Tesla's event drew mixed reviews, but the company is still poised to lead the way on sustainability.

Tesla Motors red sign and logo

Image via Shutterstock/Roschetzky Photography

Who watched Tesla's Investor Day on Wednesday? What are your thoughts?

I've heard frustration and read reports that the event underperformed, as people hoped for new product announcements like a $20,000 model or updates about Cybertruck.

However, I disagree. I think this event continued to show Tesla's unique role in transitioning us to a sustainable future. Let me explain:

It's been argued that Tesla isn't just an automotive company; call it what you want — a software company, an AI company, an energy company, etc. This event just ended that debate entirely (if it even still existed). Tesla employees laid out their breakdown for how to eliminate fossil fuels globally.

They presented data showing, from Tesla's perspective, a viable path to achieving a 100 percent clean energy economy, needing: 240 terawatt-hours of storage, 30 terawatts of renewable power, and $10 trillion of manufacturing investment — all using half the energy required and with zero resource/material challenges.

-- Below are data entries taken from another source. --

(* Let $A$ be a positive $2\times 2$ matrix that is not doubly stochastic. If the column scaled matrix $A\,Y(A)$ is doubly stochastic, then $A$ is of the form $A=\begin{pmatrix} a & ct\\ c & at\end{pmatrix}$ for some positive reals $a,c,t$, and \[ S(A)=A\,Y(A)=\begin{pmatrix} a/(a+c) & c/(a+c)\\ c/(a+c) & a/(a+c)\end{pmatrix}. \] If the row scaled matrix $X(A)\,A$ is doubly stochastic, then $A$ is of the form $A=\begin{pmatrix} a & b\\ bt & at\end{pmatrix}$ for some positive reals $a,b,t$, and \[ S(A)=X(A)\,A=\begin{pmatrix} a/(a+b) & b/(a+b)\\ b/(a+b) & a/(a+b)\end{pmatrix}. \]
   Context: A positive matrix has all entries positive. For an $n\times n$ matrix $A=(a_{i,j})$ let $\mathrm{row}_i(A)=\sum_j a_{i,j}$ and $\mathrm{col}_j(A)=\sum_i a_{i,j}$; $A$ is doubly stochastic if all row and column sums equal $1$. For positive $A$ let $X(A)=\mathrm{diag}(1/\mathrm{row}_1(A),\ldots,1/\mathrm{row}_n(A))$ (row scaling: $X(A)A$) and $Y(A)=\mathrm{diag}(1/\mathrm{col}_1(A),\ldots,1/\mathrm{col}_n(A))$ (column scaling: $AY(A)$). The alternate minimization sequence of $A$ is $A^{(0)}=A$, $A^{(2k+1)}=A^{(2k)}\,Y(A^{(2k)})$, $A^{(2k+2)}=X(A^{(2k+1)})\,A^{(2k+1)}$ ($k\ge 0$); its limit $S(A)=\lim_{\ell\to\infty}A^{(\ell)}$ is the alternate minimization (Sinkhorn) limit of $A$. *)

From HB Require Import structures.
From mathcomp Require Import all_boot all_order all_algebra.
From mathcomp Require Import all_classical all_reals all_analysis.
Set Implicit Arguments. Unset Strict Implicit. Unset Printing Implicit Defensive.
Import Order.TTheory GRing.Theory Num.Theory.
Import numFieldNormedType.Exports.
Local Open Scope classical_set_scope.
Local Open Scope ring_scope.

Section Sinkhorn.
Variables (R : realType) (n : nat).

Definition positive_mx (A : 'M[R]_n) : Prop := forall i j, 0 < A i j.

Definition row_sum (A : 'M[R]_n) (i : 'I_n) : R := \sum_(j < n) A i j.
Definition col_sum (A : 'M[R]_n) (j : 'I_n) : R := \sum_(i < n) A i j.

Definition doubly_stochastic (A : 'M[R]_n) : Prop :=
  (forall i, row_sum A i = 1) /\ (forall j, col_sum A j = 1).

Definition Xmx (A : 'M[R]_n) : 'M[R]_n := diag_mx (\row_i (row_sum A i)^-1).
Definition Ymx (A : 'M[R]_n) : 'M[R]_n := diag_mx (\row_j (col_sum A j)^-1).

(* alternate minimization sequence: A^(0) = A, A^(2k+1) = A^(2k) Y(A^(2k)),
   A^(2k+2) = X(A^(2k+1)) A^(2k+1) *)
Fixpoint am_seq (A : 'M[R]_n) (l : nat) : 'M[R]_n :=
  match l with
  | 0 => A
  | l'.+1 => let B := am_seq A l' in
             if odd l' then Xmx B *m B else B *m Ymx B
  end.

(* "S(A) = M": the alternate minimization sequence converges (entrywise) to M *)
Definition sinkhorn_limit (A M : 'M[R]_n) : Prop :=
  forall i j, (fun l => am_seq A l i j) @ \oo --> M i j.

End Sinkhorn.

Definition mx2 (R : realType) (x11 x12 x21 x22 : R) : 'M[R]_2 :=
  \matrix_(i < 2, j < 2)
    if i == ord0 then (if j == ord0 then x11 else x12)
    else (if j == ord0 then x21 else x22).

From HB Require Import structures.
From mathcomp Require Import all_boot all_order all_algebra.
From mathcomp Require Import all_classical all_reals all_analysis.
From mathcomp Require Import lra ring.
Import Order.TTheory GRing.Theory Num.Theory.
Import numFieldNormedType.Exports.
Local Open Scope classical_set_scope.
Local Open Scope ring_scope.

(* If A Y(A) is doubly stochastic, every later scaling step is the identity, and
   the first row sum of A Y(A) being 1 says a11 a12 = a21 a22, which is the
   announced shape of A.  The row case reduces to the column case by
   transposition, but the sequence of A = [[a, b], [b t, a t]] starts with a
   column scaling and never stops.  Its column stochastic iterates are
     [[share a b z, share b a z], [share b a (-z), share a b (-z)]],
   share a b z = a (1 + z) / (a (1 + z) + b (1 - z)), and the row stochastic
   ones are their transposes; in the coordinate z each scaling step is the
   contraction z |-> (b - a) / (a + b) * z, so the iterates converge to the
   matrix at z = 0. *)

Lemma cvg_parity (T : topologicalType) (u v : nat -> T) (L : T) :
  u @ \oo --> L -> v @ \oo --> L ->
  (fun l => if odd l then u l else v l) @ \oo --> L.
Proof.
move=> hu hv P LP; have := hu P LP; have := hv P LP.
rewrite !nbhs_filterE /= => vP uP.
by apply: (@filterS2 _ _ _ _ _ _ _ uP vP) => l /=; case: odd.
Qed.

Section Scaling.
Context {R : realType} {n : nat}.
Implicit Types A B : 'M[R]_n.

Lemma row_sum_tr A i : row_sum A^T i = col_sum A i.
Proof. by apply: eq_bigr => j _; rewrite mxE. Qed.

Lemma col_sum_tr A j : col_sum A^T j = row_sum A j.
Proof. by apply: eq_bigr => i _; rewrite mxE. Qed.

Lemma doubly_stochastic_tr A : doubly_stochastic A^T <-> doubly_stochastic A.
Proof.
rewrite /doubly_stochastic.
split=> -[hr hc]; split=> i.
- by rewrite -col_sum_tr.
- by rewrite -row_sum_tr.
- by rewrite row_sum_tr.
- by rewrite col_sum_tr.
Qed.

Lemma Xmx_tr A : Xmx A = Ymx A^T.
Proof. by congr diag_mx; apply/rowP => i; rewrite !mxE col_sum_tr. Qed.

Lemma row_scaling_tr A : Xmx A *m A = (A^T *m Ymx A^T)^T.
Proof. by rewrite trmx_mul trmxK -Xmx_tr /Xmx tr_diag_mx. Qed.

Lemma row_scaling_id B : doubly_stochastic B -> Xmx B *m B = B.
Proof.
move=> [hr _]; rewrite /Xmx; have -> : \row_i (row_sum B i)^-1 = const_mx 1.
  by apply/rowP => i; rewrite !mxE hr invr1.
by rewrite diag_const_mx mul_scalar_mx scale1r.
Qed.

Lemma col_scaling_id B : doubly_stochastic B -> B *m Ymx B = B.
Proof.
move=> [_ hc]; rewrite /Ymx; have -> : \row_j (col_sum B j)^-1 = const_mx 1.
  by apply/rowP => j; rewrite !mxE hc invr1.
by rewrite diag_const_mx mul_mx_scalar scale1r.
Qed.

Lemma am_seqS A l : am_seq A l.+1 =
  if odd l then Xmx (am_seq A l) *m am_seq A l else am_seq A l *m Ymx (am_seq A l).
Proof. by []. Qed.
Lemma unif_prob_rot_invariant (P : pred (funF n)) :
  (forall g, P (rot_fun g) = P g) -> unif_prob (PF n) P = unif_prob [set: funF n] P.
Proof.
have card_all (Q : pred (funF n)) : (forall g, Q (rot_fun g) = Q g) ->
    #|[set g in [set: funF n] | Q g]| = n.+1 * #|[set g in PF n | Q g]|.
  move=> Q_rot; transitivity #|[set g | Q g]|; first by apply: eq_card => g; rewrite !inE.
  by rewrite card_rot_invariant //; congr (_ * _); apply: eq_card => g; rewrite !inE.
have cardT : #|[set: funF n]| = n.+1 * #|PF n|.
  transitivity #|[set g in [set: funF n] | predT g]|.
    by apply: eq_card => g; rewrite !inE.
  by rewrite card_all //; congr (_ * _); apply: eq_card => g; rewrite !inE andbT.
move=> P_rot; rewrite /unif_prob card_all // cardT.
by rewrite !natrM -mulf_div divff ?mul1r // pnatr_eq0.
Qed.

End Functions.

Theorem mainTheorem16 (n : nat) :
  (forall m : seq nat,
     unif_prob (PF n) (fun g => species g == m) =
     unif_prob [set: funF n] (fun g => species g == m)) /\
  (forall k : nat,
     unif_prob (PF n) (fun g => inversions g == k) =
     unif_prob [set: funF n] (fun g => inversions g == k)).
Proof.
split=> [m|k]; apply: unif_prob_rot_invariant => g.
  by rewrite species_rot_fun.
by rewrite inversions_rot_fun.
Qed.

Graphic about Tesla's plan for a sustainable economy

Courtesy of Tesla

And probably the most important thing they did during this event was to inspire through actual action. Some things that stood out were:

  • How pre-built Superchargers allowing for plug-and-play installation have saved weeks of installation time and cost. This plug-and-play mentality also exists in the company's energy storage business (able to achieve four times faster installation and commissioning speeds on Megapack since 2019).
  • Coming in July to Texas (and elsewhere in the future): unlimited overnight home EV charging for only $30 per month since Texas has large wind energy generation overnight and they can serve Tesla customers cheaper and more sustainably by pushing more charging to nighttime.
  • How the company just opened up certain Superchargers to non-Tesla vehicles in the U.S. — a moment I believe will be looked back on as the second point Tesla accelerated the transition to EVs (the first being when the Model S launched, which resulted in what we have today across all of Tesla vehicles and from other automakers).
Graphic about Tesla's plan to eliminate fossil fuels

Courtesy of Tesla

No question, there will be bumps in this rollout to non-Tesla vehicles (and we are already seeing it with weird parking methods from non-Tesla vehicles because the cable is much shorter and Supercharger locations are designed for Tesla vehicles). However, as I watch all these videos of non-Tesla vehicles charging, one thing keeps happening — Tesla's amazing SuperCharger uptime and reliability is still standing true. The charger quickly connects with the vehicle and even before a person can go into their car to check if it's charging, the charging session has already begun..

Tesla may also be seen as a leading charging company soon enough. In fact, they have already added 646 new Superchargers in 2023, with the closest runner-ups being ChargePoint at 146 stations, EVgo at 88, Rivian at 59 and Electrify America at 42, based on data from Alternative Fuels Data Center.